Pydantic Evals
Use Pydantic Evals to evaluate your LLM app for a simple question-answering task.
Log your results to Arize to track your experiments and traces.
Install dependencies
!pip install -q pydantic-evals "arize[Tracing]" arize-otel openai openinference-instrumentation-openai
Setup API keys and imports
from openai import OpenAI
from pydantic_evals import Case, Dataset
from getpass import getpass
import os
SPACE_ID = globals().get("SPACE_ID") or getpass(
"🔑 Enter your Arize Space ID: "
)
API_KEY = globals().get("API_KEY") or getpass("🔑 Enter your Arize API Key: ")
OPENAI_API_KEY = globals().get("OPENAI_API_KEY") or getpass(
"🔑 Enter your OpenAI API key: "
)
os.environ["OPENAI_API_KEY"] = OPENAI_API_KEY
Setup Arize
Add our auto-instrumentation for OpenAI using arize-otel.

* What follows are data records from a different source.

Lemma sep_meas_guess_x : sep_meas guess_x.
Proof.
split; first split=> [j|].
- by rewrite /guess_x; case: (j == x); [exact: psd1 | exact: psd0].
- by rewrite (bigD1 x) //= big1 ?addr0 /guess_x ?eqxx // => j /negbTE ->.
move=> j; rewrite /guess_x; case: (j == x).
  exists 1%N, (fun _ k => 1%:M); split=> [_ k|]; first exact: psd1.
  by rewrite big_ord1 prod_op1.
by exists 0%N, (fun _ k => 1%:M); split=> [[]|]; rewrite ?big_ord0.
Qed.

Lemma p_L_eq_of_sep_dual_gap (k0 : 'I_m) : \tr (rho x) = 1 ->
  (forall c, sep_dual (gap_op c)) -> p_L eta rho = eta x.
Proof.
move=> tr_x sd_gap; apply: sup_eq_max.
  by exists guess_x; split; [exact: locc_guess_x | rewrite succ_guess_x].
move=> _ [M [[s [leaves_s ME]] ->]]; apply: succ_le_of_gap_ge0 => // [|j].
  by rewrite -(locc_leaves_sum_labels leaves_s); apply: eq_bigr => j _; rewrite ME.
rewrite ME mulmx_sumr mxtrace_sum Re_sum big_seq_cond sumr_ge0 // => p /andP [ps _].
have [h [psd_h ->]] := locc_leaves_gram_prod leaves_s ps.
exact: sep_dual_prod_op_ge0.
Qed.

Lemma p_SEP_eq_of_sep_dual_gap (k0 : 'I_m) : \tr (rho x) = 1 ->
  (forall c, sep_dual (gap_op c)) -> p_SEP eta rho = eta x.
Proof.
move=> tr_x sd_gap; apply: sup_eq_max.
  by exists guess_x; split; [exact: sep_meas_guess_x | rewrite succ_guess_x].
move=> _ [M [[[_ sumM] sepM] ->]]; apply: succ_le_of_gap_ge0 => // j.
have [N [f [psd_f ->]]] := sepM j.
rewrite mulmx_sumr mxtrace_sum Re_sum sumr_ge0 // => i _.
exact: sep_dual_prod_op_ge0.
Qed.

End Discrimination.

Section ProjectionChain.
Variable R : realType.
Variable m : nat.
Variable B : 'I_m -> finType.
Variable J : finType.
Variables (x c : J) (Pi : forall k, Op R (B k)).
Hypotheses (Pi_herm : forall k, adj (Pi k) = Pi k)
           (Pi_idem : forall k, Pi k *m Pi k = Pi k).

(* The parties in [ks] measure {Pi k, 1 - Pi k} in turn: the first failure
   stops the protocol with output [x], success throughout outputs [c]. *)
Fixpoint proj_chain (ks : seq 'I_m) : seq (MOp R B * J) :=
  match ks with
  | [::] => [:: (1%:M, c)]
  | k :: ks' => flatten [seq [seq (p.1 *m embed ach.2, p.2) | p <- ach.1]
                        | ach <- zip [:: proj_chain ks'; [:: (1%:M, x)]]
                                     [:: Pi k; 1%:M - Pi k]]
  end.

Lemma proj_chain_locc ks : locc_leaves (proj_chain ks).
Proof.
elim: ks => [|k ks IH]; first exact: locc_stop.
apply: locc_round => //; last by case=> [|[|]] //= _; exact: locc_stop.
rewrite big_cons big_cons big_nil addr0 adjD adjN adj1 Pi_herm Pi_idem.
by rewrite mulmxBl mul1mx mulmxBr mulmx1 Pi_idem subrr subr0 addrC subrK.
Qed.

Definition proj_chain_meas ks (j : J) : MOp R B :=
  \sum_(p <- proj_chain ks | p.2 == j) adj p.1 *m p.1.

Lemma proj_chain_meas_cons k ks j : x != j ->
  proj_chain_meas (k :: ks) j = adj (embed (Pi k)) *m proj_chain_meas ks j *m embed (Pi k).
Proof.
move=> /negbTE xj; rewrite /proj_chain_meas /= big_cat big_map /= big_cons /= xj.
rewrite big_nil addr0 mulmx_sumr mulmx_suml; apply: eq_bigr => p _.
by rewrite adjM !mulmxA.
Qed.

Lemma proj_chain_meas_c ks : c != x -> uniq ks ->
  proj_chain_meas ks c = prod_op (fun j => if j \in ks then Pi j else 1%:M).
Proof.
move=> cx; elim: ks => [_ |k ks IH].
  rewrite /proj_chain_meas /= big_cons eqxx big_nil addr0 adj1 mulmx1 -prod_op1.
  exact: eq_prod_op.
rewrite cons_uniq => /andP [kks uks].
rewrite proj_chain_meas_cons ?(eq_sym x) // IH // prod_op_conj_embed (negbTE kks).
rewrite mulmx1 Pi_herm Pi_idem; apply: eq_prod_op => j.
by case: dfwithP => [|j' kj]; rewrite inE ?eqxx // eq_sym (negbTE kj).
Qed.

Lemma proj_chain_meas_other ks j : j != x -> j != c -> proj_chain_meas ks j = 0.
Proof.
move=> jx jc; elim: ks => [|k ks IH].
  by rewrite /proj_chain_meas /= big_cons eq_sym (negbTE jc) big_nil.
by rewrite proj_chain_meas_cons 1?eq_sym // IH mulmx0 mul0mx.
Qed.

Lemma succ_proj_chain (eta : J -> R) (rho : J -> MOp R B) : c != x -> \tr (rho x) = 1 ->
  succ eta rho (proj_chain_meas (enum 'I_m)) =
  eta x - complex.Re (\tr (gap_op eta rho x c *m prod_op Pi)).
Proof.
move=> cx tr_x; set M := proj_chain_meas _.
have Mc : M c = prod_op Pi.
  by rewrite /M proj_chain_meas_c ?enum_uniq //; apply: eq_prod_op => j; rewrite mem_enum.
have Mx : M x = 1%:M - M c.
  have sumM : \sum_j M j = 1%:M := locc_leaves_sum_labels (proj_chain_locc _).
  rewrite -sumM (bigD1 x) //= (bigD1 c) //= big1 ?addr0 ?addrK // => j /andP [jx jc].
  by rewrite /M proj_chain_meas_other.
rewrite /succ (bigD1 x) //= (bigD1 c) //= big1 ?addr0 => [|j /andP [jx jc]]; last first.
  by rewrite /M proj_chain_meas_other // mulmx0 mxtrace0 mulr0.
rewrite Re_mxtrace_gap_op Mx Mc mulmxBr mulmx1 mxtraceD ReD tr_x raddfN ReN /=.
ring.
Qed.

End ProjectionChain.

Section Necessity.
Variable R : realType.
Local Notation C := R[i].
Variable m : nat.
Variable B : 'I_m -> finType.
Variable J : finType.
Variables (eta : J -> R) (rho : J -> MOp R B) (x : J).

Lemma pure_prod_normalize (W : forall k, B k -> C) :
  (forall k, \tr (outer (W k)) != 0) ->
  pure_prod W = (\prod_k \tr (outer (W k))) *: pure_prod (fun k => normalize (W k)).
Proof.
move=> W_neq0; apply: op_ext => X Y; rewrite ent_scale !ent_prod_op -big_split /=.
apply: eq_bigr => k _; rewrite (normalizeP (W_neq0 k)).2 ent_scale.
by rewrite mulrA mulfV ?mul1r.
Qed.

(* If some party's local vector vanishes the product state is zero; otherwise
   normalise it and let the parties project onto it one after the other. *)
Lemma sep_dual_gap_of_p_L_eq : 0 < eta x -> \tr (rho x) = 1 ->
  (forall j, Defs.hermitian (rho j)) -> p_L eta rho = eta x ->
  forall c, sep_dual (gap_op eta rho x c).
Proof.
move=> eta_x_gt0 tr_x herm_rho pL_x c.
have [->|cx] := eqVneq c x.
  rewrite /gap_op subrr; split=> [|S _ _]; first exact: adj0.
  by rewrite mul0mx mxtrace0.
apply: pure_prod_sep_dual; first exact: hermitian_gap.
move=> W; have [[k /mxtrace_outer_eq0 Wk0]|W_neq0] :=
  pselect (exists k, \tr (outer (W k)) = 0).
  by rewrite /pure_prod (prod_op_eq0 Wk0) mulmx0 mxtrace0.
have {}W_neq0 k : \tr (outer (W k)) != 0 by apply/eqP => Wk0; apply: W_neq0; exists k.
pose Pi k := outer (normalize (W k)).
have Pi_herm k : adj (Pi k) = Pi k by exact: (psd_outer _).1.
have Pi_idem k : Pi k *m Pi k = Pi k by exact/outer_idem/(normalizeP (W_neq0 k)).1.
have : succ eta rho (proj_chain_meas x c Pi (enum 'I_m)) <= p_L eta rho.
  apply: succ_le_p_L; first by rewrite pL_x.
  by exists (proj_chain x c Pi (enum 'I_m)); split; first exact: proj_chain_locc.
rewrite (succ_proj_chain Pi_herm Pi_idem) // pL_x gerBl => gap_Pi_ge0.
rewrite pure_prod_normalize // -scalemxAr mxtraceZ Re_ge0M ?mulr_ge0 //.
  by apply/Re_ge0/prodr_ge0 => k _; exact: mxtrace_outer_ge0.
by apply: prodr_ge0 => k _; exact: mxtrace_outer_ge0.
Qed.

End Necessity.

Section Copies.
Variable R : realType.
Local Notation C := R[i].
Variable m : nat.
Variable d : 'I_m -> nat.
Variable L : nat.
Local Notation Q := (gbasis (qudits d)).
Local Notation G := (gbasis (copies d L)).

Definition copies_op (tau : 'I_L -> MOp R (qudits d)) : MOp R (copies d L) :=
  opE (fun X Y : G => \prod_(l < L) ent (tau l) (slice X l) (slice Y l)).

Definition unslice (a : {ffun 'I_L -> Q}) : G :=
  finfun (fun k => ([ffun l => a l k] : {ffun 'I_L -> 'I_(d k)})).

Lemma sliceK (X : G) : unslice [ffun l => slice X l] = X.
Proof. by apply/ffunP => k; rewrite ffunE; apply/ffunP => l; rewrite !ffunE. Qed.

Lemma unsliceK (a : {ffun 'I_L -> Q}) : [ffun l => slice (unslice a) l] = a.
Proof. by apply/ffunP => l; rewrite ffunE; apply/ffunP => k; rewrite /slice !ffunE. Qed.

Lemma sum_copies (F : 'I_L -> Q -> C) :
  \sum_(X : G) \prod_l F l (slice X l) = \prod_l \sum_(a : Q) F l a.
Proof.
rewrite bigA_distr_bigA /= (reindex unslice); last first.
  by exists (fun X => [ffun l => slice X l]) => a _; [exact: unsliceK | exact: sliceK].
apply: eq_bigr => a _; apply: eq_bigr => l _.
by have /(congr1 (fun g : {ffun 'I_L -> Q} => g l)) := unsliceK a; rewrite ffunE => ->.
Qed.

Lemma mxtrace_copies_op_mul (tau tau' : 'I_L -> MOp R (qudits d)) :
  \tr (copies_op tau *m copies_op tau') = \prod_l \tr (tau l *m tau' l).
Proof.
rewrite (@mxtrace_ent _ G).
under [LHS]eq_bigr => X _.
  rewrite ent_mul; under eq_bigr do rewrite !ent_opE -big_split /=.
  rewrite (sum_copies (fun l b => ent (tau l) (slice X l) b * ent (tau' l) b (slice X l))).
  over.
rewrite (sum_copies (fun l a => \sum_b ent (tau l) a b * ent (tau' l) b a)).
by apply: eq_bigr => l _; rewrite mxtrace_ent; apply: eq_bigr => a _; rewrite ent_mul.
Qed.

Lemma mxtrace_copies_op (tau : 'I_L -> MOp R (qudits d)) :
  \tr (copies_op tau) = \prod_l \tr (tau l).
Proof.
rewrite (@mxtrace_ent _ G); under [LHS]eq_bigr do rewrite ent_opE.
by rewrite (sum_copies (fun l a => ent (tau l) a a)); under [RHS]eq_bigr do rewrite mxtrace_ent.
Qed.

Lemma hermitian_copies_op (tau : 'I_L -> MOp R (qudits d)) :
  (forall l, Defs.hermitian (tau l)) -> Defs.hermitian (copies_op tau).
Proof.
move=> herm_tau; apply: op_ext => X Y; rewrite ent_adj !ent_opE rmorph_prod.
apply: eq_bigr => l _; rewrite -{2}(herm_tau l).
by rewrite ent_adj.
Qed.

Lemma pure_prod_copies (V : 'I_L -> forall k, qudits d k -> C) :
  pure_prod (fun k (a : copies d L k) => \prod_l V l k (a l)) =
  copies_op (fun l => pure_prod (V l)).
Proof.
apply: op_ext => X Y; rewrite pure_prod_outer !ent_opE.
under [RHS]eq_bigr do rewrite pure_prod_outer ent_opE.
rewrite !rmorph_prod big_split /=.
under [X in _ * X = _]eq_bigr do rewrite rmorph_prod.
under [X in _ = _ * X]eq_bigr do rewrite rmorph_prod.
rewrite [X in X * _ = _]exchange_big [X in _ * X = _]exchange_big /=.
by congr (_ * _); apply: eq_bigr => l _; apply: eq_bigr => k _; rewrite /slice ffunE.
Qed.

End Copies.

Lemma state_diag_gt0 (R : realType) (T : finType) (A : Op R T) :
  state A -> exists y, 0 < ent A y y.
Proof.
move=> [psdA trA]; apply: contrapT => no_pos.
have A0 y : ent A y y = 0.
  have := psd_diag_ge0 (enum_rank y) psdA; rewrite le_eqVlt => /orP [/eqP/esym //|pos].
  by case: no_pos; exists y.
by move: trA; rewrite mxtrace_ent big1 // => /esym/eqP; rewrite oner_eq0.
Qed.

Lemma mxtrace_pure_prod_delta (R : realType) (m : nat) (B : 'I_m -> finType)
    (A : MOp R B) (y : gbasis B) :
  \tr (A *m pure_prod (fun k (a : B k) => ((a == y k)%:R : R[i]))) = ent A y y.
Proof.
have deltaE (X : gbasis B) : \prod_k ((X k == y k)%:R : R[i]) = (X == y)%:R.
  by rewrite eq_gbasis; exact: prod_nat_bool.
rewrite pure_prod_outer mxtrace_ent (bigD1 y) //= big1 ?addr0 => [|X /negbTE Xy].
  rewrite ent_mul (bigD1 y) //= big1 ?addr0 => [|Z /negbTE Zy].
    by rewrite ent_opE deltaE eqxx conjc1 !mulr1.
  by rewrite ent_opE deltaE Zy mul0r mulr0.
by rewrite ent_mul big1 // => Z _; rewrite ent_opE deltaE deltaE Xy conjc0 !mulr0.
Qed.

Section SequenceEnsemble.
Variable R : realType.
Local Notation C := R[i].
Variable m : nat.
Variable d : 'I_m -> nat.
Variable L : nat.
Variable n : 'I_L -> nat.
(* Keep [l] explicit in [rho l (c l)]. *)
Unset Implicit Arguments.
Variable eta : forall l, 'I_(n l) -> R.
Variable rho : forall l, 'I_(n l) -> MOp R (qudits d).
Set Implicit Arguments.
Variable x : seq_index n.

Lemma seq_rhoE (c : seq_index n) : seq_rho rho c = copies_op (fun l : 'I_L => rho l (c l)).
Proof. by []. Qed.

Lemma mxtrace_gap_seq_copies (l : 'I_L) (c : seq_index n)
    (tau : 'I_L -> MOp R (qudits d)) : (forall l', l' != l -> c l' = x l') ->
  \tr (gap_op (seq_eta eta) (seq_rho rho) x c *m copies_op tau) =
  (\prod_(l' < L | l' != l) ((eta l' (x l'))%:C * \tr (rho l' (x l') *m tau l'))%C) *
  \tr (gap_op (eta l) (rho l) (x l) (c l) *m tau l).
Proof.
move=> cx; have prodD1 (F : 'I_L -> C) : \prod_i F i = F l * \prod_(i | i != l) F i.
  exact: bigD1.
rewrite /gap_op !mulmxBl !raddfB /= -!scalemxAl !mxtraceZ !seq_rhoE.
rewrite !mxtrace_copies_op_mul /seq_eta !rmorph_prod !prodD1 big_split /=.
have offE (F : forall i, 'I_(n i) -> C) :
    \prod_(i | i != l) F i (c i) = \prod_(i | i != l) F i (x i).
  by apply: eq_bigr => i /cx ->.
rewrite (offE (fun i j => (eta i j)%:C%C)) (offE (fun i j => \tr (rho i j *m tau i))).
ring.
Qed.

Lemma sep_dual_gap_copy (k0 : 'I_m) : (forall l, ensemble (eta l) (rho l)) ->
  (forall c, sep_dual (gap_op (seq_eta eta) (seq_rho rho) x c)) ->
  forall l (c' : 'I_(n l)), sep_dual (gap_op (eta l) (rho l) (x l) c').
Proof.
move=> ens sd l c'.
have herm_rho l' j : Defs.hermitian (rho l' j) by exact: ((ens l').2.2 j).1.1.
apply: pure_prod_sep_dual => [|W]; first exact: hermitian_gap.
have [y y_pos] := choice (fun l' => state_diag_gt0 ((ens l').2.2 (x l'))).
pose V l' := if l' == l then W else fun k (a : qudits d k) => ((a == y l' k)%:R : C).
pose c : seq_index n := finfun (dfwith (fun l0 => x l0) c').
have cx l' : l' != l -> c l' = x l' by move=> l'l; rewrite ffunE dfwith_out // eq_sym.
have := sep_dual_pure_prod_ge0 k0 (fun k (a : copies d L k) => \prod_l' V l' k (a l')) (sd c).
rewrite pure_prod_copies (mxtrace_gap_seq_copies _ cx) ffunE dfwith_in /V eqxx.
rewrite pmulr_rge0 => [|]; first exact: Re_ge0.
apply: prodr_gt0 => l' l'l; rewrite (negbTE l'l) mxtrace_pure_prod_delta.
by apply: mulr_gt0; [rewrite ltcR; exact: (ens l').1 | exact: y_pos].
Qed.

End SequenceEnsemble.

Theorem theorem2 (R : realType) (m : nat) (d : 'I_m -> nat)
    (L : nat) (n : 'I_L -> nat)
    (eta : forall l : 'I_L, 'I_(n l) -> R)
    (rho : forall l : 'I_L, 'I_(n l) -> MOp R (qudits d))
    (x : seq_index n) :
  (2 <= m)%N -> (forall k, 2 <= d k)%N -> (0 < L)%N ->
  (forall l, ensemble (eta l) (rho l)) ->
  (p_L (seq_eta eta) (seq_rho rho) = seq_eta eta x <->
     forall c : seq_index n,
       sep_dual (((seq_eta eta x)%:C)%C *: seq_rho rho x
                 - ((seq_eta eta c)%:C)%C *: seq_rho rho c)) /\
  (p_L (seq_eta eta) (seq_rho rho) = seq_eta eta x ->
     p_L (seq_eta eta) (seq_rho rho) = p_SEP (seq_eta eta) (seq_rho rho) /\
     p_L (seq_eta eta) (seq_rho rho) = \prod_(l < L) p_L (eta l) (rho l)).
Proof.
move=> m_ge2 _ _ ens; pose k0 : 'I_m := Ordinal (ltnW m_ge2).
have eta_x_gt0 : 0 < seq_eta eta x by apply: prodr_gt0 => l _; exact: (ens l).1.
have tr_l l : \tr (rho l (x l)) = 1 by exact: ((ens l).2.2 (x l)).2.
have tr_x : \tr (seq_rho rho x) = 1.
  by rewrite seq_rhoE mxtrace_copies_op big1.
have herm_seq c : Defs.hermitian (seq_rho rho c).
  by rewrite seq_rhoE; apply: hermitian_copies_op => l; exact: ((ens l).2.2 (c l)).1.1.
have necessity := sep_dual_gap_of_p_L_eq eta_x_gt0 tr_x herm_seq.
split; first by split; [exact: necessity | exact: p_L_eq_of_sep_dual_gap k0 tr_x].
move=> pL_x; have sd_gap := necessity pL_x.
split; first by rewrite pL_x (p_SEP_eq_of_sep_dual_gap k0 tr_x sd_gap).
rewrite pL_x; apply: eq_bigr => l _.
by rewrite (p_L_eq_of_sep_dual_gap k0 (tr_l l) (sep_dual_gap_copy k0 ens sd_gap (l:=l))).
Qed.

from arize.otel import register
tracer_provider = register(
space_id=SPACE_ID,
api_key=API_KEY,
project_name="pydantic-evals-tutorial",
)
from openinference.instrumentation.openai import OpenAIInstrumentor
OpenAIInstrumentor().instrument(tracer_provider=tracer_provider)
Define the Evaluation Dataset
Create a dataset of test cases using Pydantic Evals for a question-answering task.
Each Case represents a single test with an input (question) and an expected output (answer).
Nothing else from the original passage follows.